В буфет быстро вошел директор, маленький, толстый и тонконогий человек,
с поднятыми вверх плечами, без шеи, в цилиндре и распахнутой шубе, очень
похожий своим круглым бульдожьим лицом, толстыми усами и жестким
выражением бровей и глаз на портрет Бисмарка. Антонио и Арбузов слегка
притронулись к шляпам. Директор ответил тем же и тотчас же, точно он долго
воздерживался и ждал только случая, принялся ругать рассердившего его
конюха.
- Мужик, русская каналья... напоил потную лошадь, черт его побирай!.. Я
буду ходить на мировой судья, и он будет мне присудить триста рублей штраф
с этого мерзавца... Я... черт его побирай!.. Я пойду и буду ему разбивать
морду, я его буду стегать с моим Reitpeitsch! [кнутом (нем.)]

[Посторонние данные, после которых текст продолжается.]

Lemma val_dev_le i (tau : pub_strat R S B Y) m l s :
  valid_strat tau -> (size l + m)%N = n.-1 ->
  d ^+ size l * Defs.val p u i (dev_strat i tau stat_strat) W d m (l, s) <=
  promised x v z d (l, s).
Proof.
move=> tau_valid; elim: m l s => [|m IH] l s size_lm.
  by rewrite wterm_terminal ?gt_eqF // -size_lm addn0.
have dev_at j : dev_strat i tau stat_strat j (l, s) = if j == i then tau (l, s) else al s.
  by rewrite /dev_strat; case: (j == i).
have dev_mixed j : is_mixed (dev_strat i tau stat_strat j (l, s)).
  by rewrite dev_at; case: (j == i); [apply: tau_valid | apply: al_mixed].
rewrite -subr_le0 promised_step //; apply: ler_wnDl.
  apply: mulr_ge0_le0; last exact: dev_gain_le dev_at (tau_valid _).
  by rewrite mulr_ge0 ?subr_ge0 // exprn_ge0 // ltW.
apply: sumr_le0 => t _; apply: sumr_le0 => y _.
rewrite mulr_ge0_le0 ?exp_p_ge0 // subr_le0 -(size_rcons l (s, y)) IH //.
by rewrite size_rcons addSnnS.
Qed.

Lemma stat_strat_SSE s : SSE_payoff p u n s W d z.
Proof.
have payoff_eq i : payoffG p u n s W d i (fun=> stat_strat) = z.
  by have := val_stat_eq i (l := [::]) s (add0n _); rewrite expr0 mul1r promised_nil.
exists stat_strat; split=> //; split=> [h | i tau tau_valid]; first exact: al_mixed.
have := val_dev_le i (l := [::]) s tau_valid (add0n _).
by rewrite expr0 mul1r promised_nil payoff_eq.
Qed.

End StationaryStrategy.

End Equilibrium.

Lemma dist_le_sup_interval (R : realType) (zl zh v z : R) : zl <= z <= zh ->
  `|z - v| <= sup [set `|z' - v| | z' in [set z' | zl <= z' <= zh]].
Proof.
move=> z_in; apply: sup_upper_bound; last by exists z.
split; first by exists `|z - v|, z.
exists (`|zl - v| + `|zh - v|) => _ [z' /andP[zl_le le_zh] <-].
move: (ler_norm (zh - v)) (ler_norm (- (zl - v))) (normr_ge0 (zl - v)) (normr_ge0 (zh - v)).
by rewrite normrN => *; apply/ler_normlP; split; lra.
Qed.

Section Kappa0.
Variables (R : realType) (S Y : finType) (xm xp : S -> S -> Y -> R).
Variables (vm vp zl zh : R).
Local Notation k0 := (kappa0 xm xp vm vp zl zh).

Lemma kappa0_ge_transfers s t y : `|xm s t y| <= k0 /\ `|xp s t y| <= k0.
Proof.
have le_big : Num.max `|xm s t y| `|xp s t y| <=
    \big[Num.max/0]_s' \big[Num.max/0]_t' \big[Num.max/0]_y'
      Num.max `|xm s' t' y'| `|xp s' t' y'|.
  apply: le_trans (le_bigmax _ _ s); apply: le_trans (le_bigmax _ _ t).
  exact: (le_bigmax _ (fun y' => Num.max `|xm s t y'| `|xp s t y'|) y).
have le_k0 : Num.max `|xm s t y| `|xp s t y| <= k0.
  by apply: le_trans le_big _; rewrite /kappa0 le_max lexx.
by split; apply: le_trans le_k0; rewrite le_max lexx ?orbT.
Qed.

Lemma kappa0_ge_dist z : zl <= z <= zh -> `|z - vm| <= k0 /\ `|z - vp| <= k0.
Proof. by move=> z_in; rewrite /kappa0 !le_max !dist_le_sup_interval ?orbT. Qed.

End Kappa0.

(* The only use of the hypothesis [(n/2)^2 (1 - d) <= |S|]: it keeps [d] away
   from [0], so that the terminal payoff can be rescaled by [d^-(n-1)]. *)
Lemma discount_gt0 (R : realFieldType) (N K k eps0 d : R) :
  0 <= K -> 0 < eps0 -> eps0 < k ->
  0 < eps0 * ((N - 1) / 2) - 2 * k * K -> (N / 2) ^+ 2 * (1 - d) <= K -> 0 < d.
Proof.
move=> K_ge0 eps0_gt0 eps0_lt drift sq_le.
have eps0K_le : 2 * eps0 * K <= 2 * k * K by rewrite ler_wpM2r // ler_wpM2l // ltW.
have N_gt : 1 + 4 * K < N.
  have : 0 < eps0 * ((N - 1) / 2 - 2 * K) by nra.
  by rewrite pmulr_rgt0 // => ?; lra.
rewrite ltNge; apply/negP => d_le0.
have : (N / 2) ^+ 2 <= (N / 2) ^+ 2 * (1 - d) by rewrite ler_peMr ?exprn_ge0 //; lra.
rewrite expr2; nra.
Qed.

Точно ухватившись за эту мысль, он быстро повернулся и, семеня тонкими,
слабыми ногами, побежал в конюшню. Арбузов нагнал его у дверей.
- Господин директор...
Директор круто остановился и с тем же недовольным лицом выжидательно
засунул руки в карманы шубы.
Арбузов стал просить его отложить сегодняшнюю борьбу на день или на
два. Если директору угодно, он, Арбузов, даст за это вне заключенных
условий два или даже три вечерних упражнений с гирями. Вместе с тем не
возьмет ли на себя господин директор труд переговорить с Ребером
относительно перемены дня состязания.
Директор слушал атлета, повернувшись к нему вполоборота и глядя мимо
его головы в окно. Убедившись, что Арбузов кончил, он перевел на него свои
жесткие глаза, с нависшими под ними землистыми мешками, и отрезал коротко
и внушительно:
- Сто рублей неустойки.
- Господин директор...
- Я, черт побирай, сам знаю, что я есть господин директор, - перебил
он, закипая. - Устраивайтесь с Ребером сами, это не мое дело. Мое дело -
контракт, ваше дело - неустойка.
Он резко повернулся спиной к Арбузову и пошел, часто перебирая
приседающими ногами, к дверям, но перед ними вдруг остановился, обернулся
и внезапно, затрясшись от злости, с прыгающими дряблыми щеками, с
побагровевшим лицом, раздувшейся шеей и выкатившимися глазами, закричал,
задыхаясь:
- Черт побирай! У меня подыхает Фатиница, первая лошадь парфорсной
езды!.. Русский конюх, сволочь, свинья, русская обезьяна опоил самую
лучшую лошадь, а вы позволяете просить разные глупости. Черт побирай!
Сегодня последний день этой идиотской русской масленицы, и у меня не
хватает даже приставной стулья, и публикум будет мне делать ein grosser
Scandal [большой скандал (нем.)], если я отменю борьбу. Черт побирай! У
меня потребуют назад деньги и разломать мой цирк на маленькие кусочки!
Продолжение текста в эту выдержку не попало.